Knowledge of the mines “eliminates the risks associated with a brownfield or greenfield project”, added Canadian Natural chief financial officer Mark Stainthorpe. “Given our strong balance sheet and significant free cash flow generation we are in an excellent position to take advantage of these opportunities that don’t come along very often”.

In Duvernay, “[t]here are greater than 340 net light crude oil and liquids-rich locations already identified with extensive infrastructure and available processing capacity, which depending on capital allocation, has a defined plan with potential to grow to 70,000 BOE/d by 2027”, Canadian Natural said.

The non-producing portion of the transaction involves Ells River, Pierre River, Namur and Saleski, where Canadian Natural is already a participant. Upon closing, Canadian Natural’s stakes in Ells River, Pierre River, Saleski and Namur — all in Alberta — increase to 90 percent, 90 percent, 83 percent and 65 percent respectively.

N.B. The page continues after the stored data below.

(* For any alphabet $\Sigma$, the category of (nondeterministic) automata on $\Sigma$ is a quasitopos.
   Context: An automaton on an alphabet $\Sigma$ is a set $X$ together with a function $\delta:\Sigma\times X\to 2^X$. A morphism from $\delta:\Sigma\times X\to 2^X$ to $\delta':\Sigma\times X'\to 2^{X'}$ is a function $f:X\to X'$ such that $f(\delta(\alpha,x))\subseteq\delta'(\alpha,f(x))$ for all $\alpha\in\Sigma$, $x\in X$. *)

From Stdlib Require Import ProofIrrelevance.

Set Implicit Arguments.

Record Category := {
  Ob :> Type;
  Hom : Ob -> Ob -> Type;
  idm : forall A, Hom A A;
  comp : forall A B C, Hom B C -> Hom A B -> Hom A C;
  comp_id_l : forall A B (f : Hom A B), comp (idm B) f = f;
  comp_id_r : forall A B (f : Hom A B), comp f (idm A) = f;
  comp_assoc : forall A B C D (h : Hom C D) (g : Hom B C) (f : Hom A B),
      comp h (comp g f) = comp (comp h g) f
}.

Arguments Hom {c} _ _.
Arguments idm {c} _.
Arguments comp {c A B C} _ _.

Section CatNotions.
Variable C : Category.

Definition mono {A B : C} (m : Hom A B) : Prop :=
  forall Z (g h : Hom Z A), comp m g = comp m h -> g = h.

Definition epi {A B : C} (e : Hom A B) : Prop :=
  forall Z (g h : Hom B Z), comp g e = comp h e -> g = h.

Definition strong_mono {S D : C} (m : Hom S D) : Prop :=
  mono m /\
  forall (A B : C) (e : Hom A B) (u : Hom A S) (v : Hom B D),
    epi e -> comp v e = comp m u ->
    exists! d : Hom B S, comp d e = u /\ comp m d = v.

Definition is_terminal (T : C) : Prop := forall X : C, exists! f : Hom X T, True.
Definition is_initial (I : C) : Prop := forall X : C, exists! f : Hom I X, True.

Definition is_pullback {A B Z P : C} (f : Hom A Z) (g : Hom B Z)
  (p1 : Hom P A) (p2 : Hom P B) : Prop :=
  comp f p1 = comp g p2 /\
  forall (Q : C) (q1 : Hom Q A) (q2 : Hom Q B), comp f q1 = comp g q2 ->
    exists! u : Hom Q P, comp p1 u = q1 /\ comp p2 u = q2.

Definition is_pushout {Z A B P : C} (f : Hom Z A) (g : Hom Z B)
  (i1 : Hom A P) (i2 : Hom B P) : Prop :=
  comp i1 f = comp i2 g /\
  forall (Q : C) (q1 : Hom A Q) (q2 : Hom B Q), comp q1 f = comp q2 g ->
    exists! u : Hom P Q, comp u i1 = q1 /\ comp u i2 = q2.

Definition is_product {A B P : C} (p1 : Hom P A) (p2 : Hom P B) : Prop :=
  forall (Q : C) (q1 : Hom Q A) (q2 : Hom Q B),
    exists! u : Hom Q P, comp p1 u = q1 /\ comp p2 u = q2.

Definition finitely_complete : Prop :=
  (exists T : C, is_terminal T) /\
  forall (A B Z : C) (f : Hom A Z) (g : Hom B Z),
    exists (P : C) (p1 : Hom P A) (p2 : Hom P B), is_pullback f g p1 p2.

Definition finitely_cocomplete : Prop :=
  (exists I : C, is_initial I) /\
  forall (Z A B : C) (f : Hom Z A) (g : Hom Z B),
    exists (P : C) (i1 : Hom A P) (i2 : Hom B P), is_pushout f g i1 i2.
(* Let $E\in M_n(\mathbb{FT})$ be an idempotent of rank $n$, and let $H_E$ be its $\mathcal{H}$-class in $M_n(\mathbb{FT})$. Let $G_E$ be the set of all units $G$ of the monoid $M_n(\mathbb{T})$ which commute with $E$ (i.e. $G\otimes E=E\otimes G$). Then the map $G_E\to H_E$, $G\mapsto G\otimes E=E\otimes G$ is an isomorphism of groups.
   Context: $\mathbb{FT}$ is $\mathbb{R}$ with $a\oplus b=\max(a,b)$, $a\otimes b=a+b$; $\mathbb{T}=\mathbb{R}\cup\{-\infty\}$ with $a\oplus-\infty=a$ and $a\otimes-\infty=-\infty$. $M_n(\mathbb{FT})\subseteq M_n(\mathbb{T})$ are the sets of $n\times n$ matrices over these, under $(A\otimes B)_{i,j}=\bigoplus_k A_{i,k}\otimes B_{k,j}$; $M_n(\mathbb{T})$ is a monoid whose identity has $0$ on the diagonal and $-\infty$ elsewhere, and its units are exactly the matrices with exactly one entry different from $-\infty$ in each row and column. $C(E)$ is the subset of $\mathbb{FT}^n$ of all finite maxima of columns of $E$ shifted by real constants. The rank of an idempotent $E$ is the minimal cardinality of a generating set of $C(E)$ (as a set closed under componentwise max and adding a real constant to all coordinates). Green's relations on a semigroup $S$: $a\,\mathcal{R}\,b$ iff $aS^1=bS^1$, $a\,\mathcal{L}\,b$ iff $S^1a=S^1b$, $\mathcal{H}=\mathcal{L}\cap\mathcal{R}$; the $\mathcal H$-class of an idempotent is a group. *)

From HB Require Import structures.
From mathcomp Require Import all_boot all_order all_algebra.
From mathcomp Require Import reals.
Set Implicit Arguments. Unset Strict Implicit. Unset Printing Implicit Defensive.
Import Order.TTheory GRing.Theory Num.Theory.
Local Open Scope ring_scope.

Section Tropical.
Variable R : realType.

(* T = R ∪ {-oo}, with None standing for -oo. *)
Definition trop := option R.

Definition tadd (a b : trop) : trop :=
  match a, b with
  | Some x, Some y => Some (Num.max x y)
  | None, _ => b
  | _, None => a
  end.

Definition tmul (a b : trop) : trop :=
  match a, b with
  | Some x, Some y => Some (x + y)
  | _, _ => None
  end.

Definition tmx_mul n (A B : 'M[trop]_n) : 'M[trop]_n :=
  \matrix_(i, j) \big[tadd/None]_(k < n) tmul (A i k) (B k j).

Definition tmx_id n : 'M[trop]_n :=
  \matrix_(i, j) (if i == j then Some 0 else None).

Definition tmx_unit n (G : 'M[trop]_n) : Prop :=
  exists G', tmx_mul G G' = tmx_id n /\ tmx_mul G' G = tmx_id n.

(* M_n(FT) ⊆ M_n(T): matrices with all entries finite *)
Definition tmx_finite n (A : 'M[trop]_n) : Prop :=
  forall i j, A i j <> None.

Definition tmx_of n (E : 'M[R]_n) : 'M[trop]_n := map_mx (@Some R) E.

(* Green's relations in the subsemigroup S of M_n(T) (S^1 = S ∪ {1}) *)
Definition right_ideal n (S : 'M[trop]_n -> Prop) (a : 'M[trop]_n) (z : 'M[trop]_n) :=
  exists x, (S x \/ x = tmx_id n) /\ z = tmx_mul a x.
Definition left_ideal n (S : 'M[trop]_n -> Prop) (a : 'M[trop]_n) (z : 'M[trop]_n) :=
  exists x, (S x \/ x = tmx_id n) /\ z = tmx_mul x a.
Definition greenR n (S : 'M[trop]_n -> Prop) a b :=
  forall z, right_ideal S a z <-> right_ideal S b z.
Definition greenL n (S : 'M[trop]_n -> Prop) a b :=
  forall z, left_ideal S a z <-> left_ideal S b z.
Definition greenH n (S : 'M[trop]_n -> Prop) a b := greenR S a b /\ greenL S a b.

Boosted by the transaction, Canadian Natural raised its dividend for the next quarter by seven percent to $0.5625 per share, payable January 2025. Upon the completion of the transaction, it also intends to allot 60 percent of free cash flow to shareholders and 40 percent to its balance sheet until net debt hits $15 billion. “When net debt is between $12 billion and $15 billion, free cash flow will be allocated 75 percent to shareholders and 25 percent to the balance sheet and when net debt is at or below $12 billion, 100 percent of free cash flow will be allocated to shareholders”, Canadian Natural said.

Chevron said, “This transaction progresses Chevron’s previously announced plans to divest $10–15 billion in assets by 2028 to optimize its global energy portfolio”.